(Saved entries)

□ □ □ □

(* For every odd $q\geq 3$, the generalized Farey map $F_q\colon[0,1]\to[0,1]$ is topologically mixing: for all nonempty open sets $B_1,B_2\subseteq[0,1]$ there is $N\in\mathbb{N}$ such that $F_q^{n}(B_1)\cap B_2\neq\emptyset$ for all $n\geq N$.
   Context: Let $q\geq 3$ be odd and $\lambda=2\cos(\pi/q)$. Elements of $\mathrm{PGL}_2(\mathbb{R})$ act on $\mathbb{R}\cup\{\infty\}$ by $\begin{bmatrix}a&b\\c&d\end{bmatrix}.x=(ax+b)/(cx+d)$. Put $s(x)=\sin(x\pi/q)/\sin(\pi/q)$, $g_k=\begin{bmatrix}s(k)&-s(k+1)\\-s(k-1)&s(k)\end{bmatrix}$, $Q=\begin{bmatrix}0&1\\1&0\end{bmatrix}$, $K=\{(q+1)/2,\dots,q-1\}$. The generalized Farey map $F_q\colon[0,1]\to[0,1]$ is defined, for $k\in K$, by $F_q(x)=g_k.x$ for $x\in[g_k^{-1}.0,g_k^{-1}.1]$ and $F_q(x)=Qg_k.x$ for $x\in[(Qg_k)^{-1}.1,(Qg_k)^{-1}.0]$ (these intervals cover $[0,1]$, overlap only at endpoints, and the definitions agree there). *)

From mathcomp Require Import all_boot all_order all_algebra.
From mathcomp Require Import all_classical all_reals all_analysis.
Set Implicit Arguments. Unset Strict Implicit. Unset Printing Implicit Defensive.
Import Order.TTheory GRing.Theory Num.Theory numFieldNormedType.Exports.
Local Open Scope ring_scope.
Local Open Scope classical_set_scope.

Section Farey.
Variable R : realType.
Variable q : nat.

Definition sq (x : R) : R := sin (x * pi / q%:R) / sin (pi / q%:R).

(* A 2x2 matrix [a b; c d] as a quadruple; its action x |-> (a x + b)/(c x + d). *)
Definition mob (m : R * R * R * R) (x : R) : R :=
  let: (a, b, c, d) := m in (a * x + b) / (c * x + d).

(* inverse in PGL_2 (adjugate) *)
Definition minv (m : R * R * R * R) : R * R * R * R :=
  let: (a, b, c, d) := m in (d, - b, - c, a).

Definition gk (k : nat) : R * R * R * R :=
  (sq k%:R, - sq k.+1%:R, - sq (k%:R - 1), sq k%:R).

(* Q g for Q = [0 1; 1 0] *)
Definition Qm (m : R * R * R * R) : R * R * R * R :=
  let: (a, b, c, d) := m in (c, d, a, b).

Definition Kset : seq nat := iota (q.+1 %/ 2) (q.-1 - q.+1 %/ 2).+1.

Definition branch (x : R) (k : nat) : option R :=
  let g := gk k in
  if (mob (minv g) 0 <= x <= mob (minv g) 1) then Some (mob g x)
  else if (mob (minv (Qm g)) 1 <= x <= mob (minv (Qm g)) 0) then Some (mob (Qm g) x)
  else None.

(* The generalized Farey map F_q (value 0 off its domain [0,1];
   at shared endpoints the first matching branch is used, the branches agree there). *)
Definition Fq (x : R) : R :=
  if (0 <= x <= 1) then
    foldr (fun k acc => match branch x k with Some y => y | None => acc end) 0 Kset
  else 0.

End Farey.

Definition open_in_unit (R : realType) (B : set R) : Prop :=
  exists U : set R, open U /\ B = U `&` `[0, 1]%classic.

(* On [[0, 1]], [F_q] consists of [q - 1] full branches: on each piece it is a
   Moebius map of determinant [+-1] whose denominator lies in [(0, 1]], has
   coefficient of modulus [>= 1] in [x] and maps the piece onto [[0, 1]].  Such
   a map expands distances: [|F y - F x| >= (y - x) (1 + (y - x))].  So an
   interval inside one piece grows by at least the square of its length, and
   keeps touching [0] or [1] if it did; an interval meeting two pieces but
   containing neither has a half, ending at a cut, whose image touches [0] or
   [1].  Hence a touching interval grows until it covers a piece, and any
   interval eventually becomes touching or covers a piece; either way some
   iterate maps it onto [[0, 1]], and then so do all later ones.  Since every
   nonempty relatively open set contains an interval, [F_q] is mixing. *)
From mathcomp Require Import all_boot all_order all_algebra.
From mathcomp Require Import all_classical all_reals all_analysis.
From mathcomp Require Import ring lra zify.
Import Order.TTheory GRing.Theory Num.Theory numFieldNormedType.Exports.
Set Implicit Arguments. Unset Strict Implicit. Unset Printing Implicit Defensive.
Local Open Scope ring_scope.
Local Open Scope classical_set_scope.

Lemma open_in_unit_interval (R : realType) (B : set R) x : open_in_unit B -> B x ->
  exists a b, [/\ 0 <= a, a < b, b <= 1 & forall z, a <= z <= b -> B z].
Proof.
move=> [U [oU ->]] [Ux]; rewrite /= in_itv /= => /andP[x0 x1].
have /nbhs_ballP[e /= e0 ballU] := oU x Ux.
pose r := Num.min (e / 2) (1 / 2).
have r0 : 0 < r by rewrite lt_min; apply/andP; split; lra.
have r_half : r <= 1 / 2 by rewrite ge_min lexx orbT.
have r_e : r < e by rewrite gt_min; apply/orP; left; lra.
have nearU z : x - r <= z <= x + r -> U z.
  move=> /andP[z1 z2]; apply: ballU; rewrite -ball_normE /ball_ /=.
  have : `|x - z| <= r by rewrite ler_norml; apply/andP; split; lra.
  lra.
have [x_half|half_x] := leP x (1 / 2); [exists x, (x + r) | exists (x - r), x];
  (split; [lra | lra | lra | move=> z /andP[z1 z2]; split]);
  by [apply: nearU; apply/andP; split; lra | rewrite /= in_itv /=; apply/andP; split; lra].
Qed.

Section PiecewiseExpanding.
Variables (R : realType) (F : R -> R) (M : nat) (t : nat -> R).
Hypothesis M_gt0 : (0 < M)%N.
Hypothesis t0 : t 0 = 0.
Hypothesis tM : t M = 1.
Hypothesis t_lt : forall {i}, (i < M)%N -> t i < t i.+1.
Hypothesis F_expanding : forall {i}, (i < M)%N -> exists2 sg : R, sg = 1 \/ sg = -1 &
  forall x y, t i <= x -> x <= y -> y <= t i.+1 ->
    (y - x) * (1 + (y - x)) <= sg * (F y - F x).
Hypothesis F_ivt : forall {i}, (i < M)%N -> forall x y v, t i <= x -> x <= y -> y <= t i.+1 ->
  (F x <= v <= F y) \/ (F y <= v <= F x) -> exists2 z, x <= z <= y & F z = v.
Hypothesis F_t : forall {i}, (i <= M)%N -> F (t i) = 0 \/ F (t i) = 1.

Definition maps_onto (a b c d : R) :=
  forall v, c <= v <= d -> exists2 z, a <= z <= b & F z = v.

Definition iter_onto_unit (n : nat) (a b : R) :=
  forall v, 0 <= v <= 1 -> exists2 z, a <= z <= b & iter n F z = v.

Definition at_boundary (a b : R) := a = 0 \/ b = 1.

Lemma t_le i j : (i <= j)%N -> (j <= M)%N -> t i <= t j.
Proof.
elim: j => [|j IH]; first by rewrite leqn0 => /eqP ->.
rewrite leq_eqVlt => /orP[/eqP -> //|ij] jM.
exact: le_trans (IH ij (ltnW jM)) (ltW (t_lt jM)).
Qed.

Lemma piece_of a : 0 <= a -> a < 1 -> exists i, [/\ (i < M)%N, t i <= a & a < t i.+1].
Proof.
move=> a0 a1.
suff H n : (n <= M)%N -> a < t n -> exists i, [/\ (i < n)%N, t i <= a & a < t i.+1].
  by have [|i [iM ? ?]] := H M (leqnn M); [rewrite tM | exists i].
elim: n => [|n IH] nM ltan; first by move: ltan; rewrite t0; lra.
have [lt_a_tn|le_tn_a] := ltP a (t n); last by exists n.
by have [i [? ? ?]] := IH (ltnW nM) lt_a_tn; exists i; split => //; apply: ltnW.
Qed.

Lemma F_piece_unit i x : (i < M)%N -> t i <= x -> x <= t i.+1 -> 0 <= F x <= 1.
Proof.
move=> iM tix xti.
have [sg sgE expand] := F_expanding iM.
have from_ti := expand _ _ (lexx _) tix xti.
have to_ti1 := expand _ _ tix xti (lexx _).
have F_ti := F_t (ltnW iM); have F_ti1 := F_t iM.
have gl : 0 <= (x - t i) * (1 + (x - t i)) by apply: mulr_ge0; lra.
have gr : 0 <= (t i.+1 - x) * (1 + (t i.+1 - x)) by apply: mulr_ge0; lra.
by case: sgE => sgE; case: F_ti => E; case: F_ti1 => E';
  rewrite sgE E E' in from_ti to_ti1; apply/andP; split; lra.
Qed.

Lemma piece_image i a b : (i < M)%N -> t i <= a -> a <= b -> b <= t i.+1 ->
  exists c d, [/\ 0 <= c, d <= 1, (b - a) * (1 + (b - a)) <= d - c,
    (c = F a /\ d = F b) \/ (c = F b /\ d = F a) & maps_onto a b c d].
Proof.
move=> iM tia ab bti.
have [sg sgE expand] := F_expanding iM.
have grow := expand _ _ tia ab bti.
have /andP[Fa0 Fa1] := F_piece_unit iM tia (le_trans ab bti).
have /andP[Fb0 Fb1] := F_piece_unit iM (le_trans tia ab) bti.
case: sgE grow => -> grow.
- exists (F a), (F b); split; [done | done | lra | by left |].
  by move=> v v_in; apply: (F_ivt iM) => //; left.
- exists (F b), (F a); split; [done | done | lra | by right |].
  by move=> v v_in; apply: (F_ivt iM) => //; right.
Qed.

□ □ □ □

#### Problem requirements:
The stretch of entries above that starts with the line containing "forall v, 0" and goes on through the line containing "have /andP[Fb0 Fb1]" is to be transcribed exactly, and no other line is to be transcribed.

#### Answer:
  forall v, 0 <= v <= 1 -> exists2 z, a <= z <= b & iter n F z = v.

Definition at_boundary (a b : R) := a = 0 \/ b = 1.

Lemma t_le i j : (i <= j)%N -> (j <= M)%N -> t i <= t j.
Proof.
elim: j => [|j IH]; first by rewrite leqn0 => /eqP ->.
rewrite leq_eqVlt => /orP[/eqP -> //|ij] jM.
exact: le_trans (IH ij (ltnW jM)) (ltW (t_lt jM)).
Qed.

Lemma piece_of a : 0 <= a -> a < 1 -> exists i, [/\ (i < M)%N, t i <= a & a < t i.+1].
Proof.
move=> a0 a1.
suff H n : (n <= M)%N -> a < t n -> exists i, [/\ (i < n)%N, t i <= a & a < t i.+1].
  by have [|i [iM ? ?]] := H M (leqnn M); [rewrite tM | exists i].
elim: n => [|n IH] nM ltan; first by move: ltan; rewrite t0; lra.
have [lt_a_tn|le_tn_a] := ltP a (t n); last by exists n.
by have [i [? ? ?]] := IH (ltnW nM) lt_a_tn; exists i; split => //; apply: ltnW.
Qed.

Lemma F_piece_unit i x : (i < M)%N -> t i <= x -> x <= t i.+1 -> 0 <= F x <= 1.
Proof.
move=> iM tix xti.
have [sg sgE expand] := F_expanding iM.
have from_ti := expand _ _ (lexx _) tix xti.
have to_ti1 := expand _ _ tix xti (lexx _).
have F_ti := F_t (ltnW iM); have F_ti1 := F_t iM.
have gl : 0 <= (x - t i) * (1 + (x - t i)) by apply: mulr_ge0; lra.
have gr : 0 <= (t i.+1 - x) * (1 + (t i.+1 - x)) by apply: mulr_ge0; lra.
by case: sgE => sgE; case: F_ti => E; case: F_ti1 => E';
  rewrite sgE E E' in from_ti to_ti1; apply/andP; split; lra.
Qed.

Lemma piece_image i a b : (i < M)%N -> t i <= a -> a <= b -> b <= t i.+1 ->
  exists c d, [/\ 0 <= c, d <= 1, (b - a) * (1 + (b - a)) <= d - c,
    (c = F a /\ d = F b) \/ (c = F b /\ d = F a) & maps_onto a b c d].
Proof.
move=> iM tia ab bti.
have [sg sgE expand] := F_expanding iM.
have grow := expand _ _ tia ab bti.
have /andP[Fa0 Fa1] := F_piece_unit iM tia (le_trans ab bti).
have /andP[Fb0 Fb1] := F_piece_unit iM (le_trans tia ab) bti.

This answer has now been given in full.